What the task asks — Every line from the one with "rewrite /idx (minn_idPr" to the one with "Implicit Types N : set ('I_n -> R).", including those two, is to be copied exactly; all other lines of the entries below are left out.

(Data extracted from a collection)
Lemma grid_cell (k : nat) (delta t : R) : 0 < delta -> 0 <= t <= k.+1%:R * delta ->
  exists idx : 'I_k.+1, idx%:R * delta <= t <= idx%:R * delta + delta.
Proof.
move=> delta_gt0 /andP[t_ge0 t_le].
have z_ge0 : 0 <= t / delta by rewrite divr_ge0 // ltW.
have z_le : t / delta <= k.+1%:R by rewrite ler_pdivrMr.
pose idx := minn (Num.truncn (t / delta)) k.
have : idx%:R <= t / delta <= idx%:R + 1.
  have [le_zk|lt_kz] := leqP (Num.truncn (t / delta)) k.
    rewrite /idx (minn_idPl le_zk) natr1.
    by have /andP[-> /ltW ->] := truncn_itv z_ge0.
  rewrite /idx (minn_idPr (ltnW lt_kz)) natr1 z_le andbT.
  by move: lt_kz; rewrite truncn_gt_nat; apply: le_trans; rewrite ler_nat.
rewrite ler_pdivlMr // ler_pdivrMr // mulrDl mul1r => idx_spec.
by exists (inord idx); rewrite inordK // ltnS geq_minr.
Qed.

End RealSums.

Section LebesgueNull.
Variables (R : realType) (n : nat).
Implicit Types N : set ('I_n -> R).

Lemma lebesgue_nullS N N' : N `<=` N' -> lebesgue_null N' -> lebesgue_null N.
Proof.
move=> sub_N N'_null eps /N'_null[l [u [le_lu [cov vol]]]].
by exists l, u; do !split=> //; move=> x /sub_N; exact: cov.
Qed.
* * *
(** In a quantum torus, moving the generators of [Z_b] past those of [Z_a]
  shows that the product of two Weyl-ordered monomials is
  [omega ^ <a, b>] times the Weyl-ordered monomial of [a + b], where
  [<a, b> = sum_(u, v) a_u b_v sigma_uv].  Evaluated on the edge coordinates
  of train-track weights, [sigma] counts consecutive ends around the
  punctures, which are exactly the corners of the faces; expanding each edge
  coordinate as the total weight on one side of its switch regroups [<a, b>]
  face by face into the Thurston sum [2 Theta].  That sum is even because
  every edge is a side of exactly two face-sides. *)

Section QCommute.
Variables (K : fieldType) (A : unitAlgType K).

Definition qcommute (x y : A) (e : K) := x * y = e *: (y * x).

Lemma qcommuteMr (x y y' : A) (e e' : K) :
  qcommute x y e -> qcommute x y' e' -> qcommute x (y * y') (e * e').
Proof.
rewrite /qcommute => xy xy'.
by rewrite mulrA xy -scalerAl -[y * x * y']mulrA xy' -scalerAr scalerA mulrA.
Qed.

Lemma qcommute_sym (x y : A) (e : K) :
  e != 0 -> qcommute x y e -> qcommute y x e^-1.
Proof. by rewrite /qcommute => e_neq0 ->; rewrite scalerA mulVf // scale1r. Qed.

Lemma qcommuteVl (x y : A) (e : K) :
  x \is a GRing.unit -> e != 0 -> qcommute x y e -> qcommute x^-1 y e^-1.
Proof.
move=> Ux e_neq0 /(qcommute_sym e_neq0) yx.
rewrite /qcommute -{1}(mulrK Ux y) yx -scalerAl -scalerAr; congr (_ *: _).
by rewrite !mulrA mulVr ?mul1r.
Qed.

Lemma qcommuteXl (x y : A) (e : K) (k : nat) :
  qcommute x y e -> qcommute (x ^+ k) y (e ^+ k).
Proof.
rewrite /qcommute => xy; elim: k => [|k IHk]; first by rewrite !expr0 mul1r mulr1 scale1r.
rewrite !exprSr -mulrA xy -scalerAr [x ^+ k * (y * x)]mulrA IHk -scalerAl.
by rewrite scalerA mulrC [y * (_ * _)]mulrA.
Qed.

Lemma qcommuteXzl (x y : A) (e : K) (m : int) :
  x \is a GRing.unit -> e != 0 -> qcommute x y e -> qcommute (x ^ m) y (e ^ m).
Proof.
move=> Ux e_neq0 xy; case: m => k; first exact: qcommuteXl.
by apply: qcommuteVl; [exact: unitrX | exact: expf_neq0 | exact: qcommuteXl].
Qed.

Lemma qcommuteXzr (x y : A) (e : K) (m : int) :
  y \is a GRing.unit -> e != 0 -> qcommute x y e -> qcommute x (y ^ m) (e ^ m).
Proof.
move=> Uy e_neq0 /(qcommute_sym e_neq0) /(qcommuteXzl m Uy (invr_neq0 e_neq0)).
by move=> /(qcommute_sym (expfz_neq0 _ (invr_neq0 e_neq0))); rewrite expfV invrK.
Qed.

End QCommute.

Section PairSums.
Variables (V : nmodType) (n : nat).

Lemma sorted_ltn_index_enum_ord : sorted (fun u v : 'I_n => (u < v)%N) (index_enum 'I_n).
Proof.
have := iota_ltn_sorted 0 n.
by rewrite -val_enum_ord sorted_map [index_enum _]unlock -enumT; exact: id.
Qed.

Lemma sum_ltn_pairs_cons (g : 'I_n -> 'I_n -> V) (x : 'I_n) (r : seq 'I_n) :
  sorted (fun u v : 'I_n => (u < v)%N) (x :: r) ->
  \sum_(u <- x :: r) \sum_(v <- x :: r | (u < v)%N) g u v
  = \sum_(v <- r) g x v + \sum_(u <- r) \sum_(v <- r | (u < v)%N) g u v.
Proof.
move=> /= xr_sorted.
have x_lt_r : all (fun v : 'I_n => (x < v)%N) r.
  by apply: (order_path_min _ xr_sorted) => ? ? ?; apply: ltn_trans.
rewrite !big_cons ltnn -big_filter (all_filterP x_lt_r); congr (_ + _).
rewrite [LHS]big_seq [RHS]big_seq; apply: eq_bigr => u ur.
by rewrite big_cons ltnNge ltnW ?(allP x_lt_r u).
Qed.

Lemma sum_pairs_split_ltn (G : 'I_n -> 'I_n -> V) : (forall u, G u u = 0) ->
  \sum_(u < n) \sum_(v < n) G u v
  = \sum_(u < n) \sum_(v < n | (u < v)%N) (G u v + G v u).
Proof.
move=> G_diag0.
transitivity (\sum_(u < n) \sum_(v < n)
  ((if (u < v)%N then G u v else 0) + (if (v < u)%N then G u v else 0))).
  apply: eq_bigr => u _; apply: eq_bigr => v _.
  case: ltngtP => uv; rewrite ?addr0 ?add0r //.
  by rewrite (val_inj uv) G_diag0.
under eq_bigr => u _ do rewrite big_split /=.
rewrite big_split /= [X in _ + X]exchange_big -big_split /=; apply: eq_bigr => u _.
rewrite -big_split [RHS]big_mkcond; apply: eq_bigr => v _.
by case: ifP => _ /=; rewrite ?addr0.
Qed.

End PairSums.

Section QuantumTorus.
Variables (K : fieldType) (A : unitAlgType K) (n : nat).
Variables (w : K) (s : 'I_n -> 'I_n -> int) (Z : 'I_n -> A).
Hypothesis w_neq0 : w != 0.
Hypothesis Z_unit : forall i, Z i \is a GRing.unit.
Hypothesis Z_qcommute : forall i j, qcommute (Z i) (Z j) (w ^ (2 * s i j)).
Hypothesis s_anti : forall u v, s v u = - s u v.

Result for this task —
  rewrite /idx (minn_idPr (ltnW lt_kz)) natr1 z_le andbT.
  by move: lt_kz; rewrite truncn_gt_nat; apply: le_trans; rewrite ler_nat.
rewrite ler_pdivlMr // ler_pdivrMr // mulrDl mul1r => idx_spec.
by exists (inord idx); rewrite inordK // ltnS geq_minr.
Qed.

End RealSums.

Section LebesgueNull.
Variables (R : realType) (n : nat).
Implicit Types N : set ('I_n -> R).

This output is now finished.